BEGIN
Lemma sonrel_acyclic x y : son x y -> ~~ connect son y x.
Proof.
(* Lying on a cycle through one's parent passes to ancestors, and the root has no parent. *)
pose on_cycle w := exists2 u, son u w & connect son w u.
have on_cycle_parent v w : son v w -> on_cycle w -> on_cycle v.
  move=> vw [u uw wu]; rewrite (sonrel_parent_uniq uw vw) in wu.
  have [wv|wNv] := eqVneq w v; first by subst w; exists v; rewrite ?connect0.
  have [u' wu' u'v] := connect_last_step wu wNv.
  by exists u' => //; apply: connect_trans (connect1 vw) wu'.
have on_cycle_ancestor v w : connect son v w -> on_cycle w -> on_cycle v.
  case/connectP=> p; elim: p v => [|z p IHp] v /=; first by move=> _ ->.
  by case/andP=> vz zp wp cw; apply: on_cycle_parent vz (IHp z zp wp cw).
move=> xy; apply/negP=> yx; case: treeT => _ reach _ _ _.
have [u uroot _] := on_cycle_ancestor _ _ (reach y) (ex_intro2 _ _ x xy yx).
by move: (sonrel_root u); rewrite uroot.
Qed.

Lemma connect_ancestors_total x y z :
  connect son x z -> connect son y z -> connect son x y || connect son y x.
Proof.
case/connectP=> p; elim/last_ind: p z => [|p z IHp] z' /=.
  by move=> _ -> ->; rewrite orbT.
rewrite rcons_path last_rcons => /andP[xp pz] -> yz.
have [->|yNz] := eqVneq y z.
  by apply/orP; left; apply/connectP; exists (rcons p z); rewrite ?rcons_path ?xp ?last_rcons.
have [u yu uz] := connect_last_step yz yNz.
rewrite (sonrel_parent_uniq uz pz) in yu.
exact: IHp xp erefl yu.
Qed.

Lemma sons_star_disjoint t a b : sons t = Some (a, b) -> [disjoint desc a & desc b].
Proof.
move=> tab; have [ta tb] := sonrel_sons tab.
have aNb : a != b by case: treeT => _ _ _ _ /(_ _ _ _ tab)[].
have no_path x y : son t x -> son t y -> x != y -> ~~ connect son x y.
  move=> tx ty xNy; apply/negP=> xy; have [u xu uy] := connect_last_step xy xNy.
  by move: (sonrel_acyclic tx); rewrite -(sonrel_parent_uniq uy ty) xu.
rewrite -setI_eq0; apply/eqP/setP=> r; rewrite !inE; apply/negbTE/negP=> /andP[ar br].
case/orP: (connect_ancestors_total ar br); apply/negP; first exact: no_path.
by apply: no_path; rewrite // eq_sym.
Qed.

Lemma card_sons_star_son t a : son t a -> (#|desc a| < #|desc t|)%N.
Proof.
move=> ta; apply/proper_card/properP; split.
  by apply/subsetP=> r; rewrite !inE; apply: connect_trans (connect1 ta).
by exists t; rewrite !inE ?connect0 ?sonrel_acyclic.
Qed.

Lemma sonrel_ind (P : Node -> Prop) :
  (forall t, (forall t', son t t' -> P t') -> P t) -> forall t, P t.
Proof.
move=> IHson t; elim: {t}_.+1 {-2}t (ltnSn #|desc t|) => // m IHm t desc_t.
by apply: IHson => t' tt'; apply: IHm; apply: leq_trans (card_sons_star_son tt') _.
Qed.

Lemma big_sons_star_node (V : nmodType) (F : Node -> V) t a b :
  sons t = Some (a, b) ->
  \sum_(r in desc t) F r = F t + (\sum_(r in desc a) F r + \sum_(r in desc b) F r).
Proof.
move=> tab; have [ta tb] := sonrel_sons tab.
rewrite (sons_star_node tab) big_setU1 /=; last first.
  by rewrite in_setU !inE (negbTE (sonrel_acyclic ta)) (negbTE (sonrel_acyclic tb)).
by rewrite (eq_bigl [predU desc a & desc b]) ?bigU ?(sons_star_disjoint tab) // => r; rewrite !inE.
Qed.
END
Please print the material above exactly as it appears, from its first line through the line containing "by exists u'", inclusive, and stop there.

Lemma sonrel_acyclic x y : son x y -> ~~ connect son y x.
Proof.
(* Lying on a cycle through one's parent passes to ancestors, and the root has no parent. *)
pose on_cycle w := exists2 u, son u w & connect son w u.
have on_cycle_parent v w : son v w -> on_cycle w -> on_cycle v.
  move=> vw [u uw wu]; rewrite (sonrel_parent_uniq uw vw) in wu.
  have [wv|wNv] := eqVneq w v; first by subst w; exists v; rewrite ?connect0.
  have [u' wu' u'v] := connect_last_step wu wNv.
  by exists u' => //; apply: connect_trans (connect1 vw) wu'.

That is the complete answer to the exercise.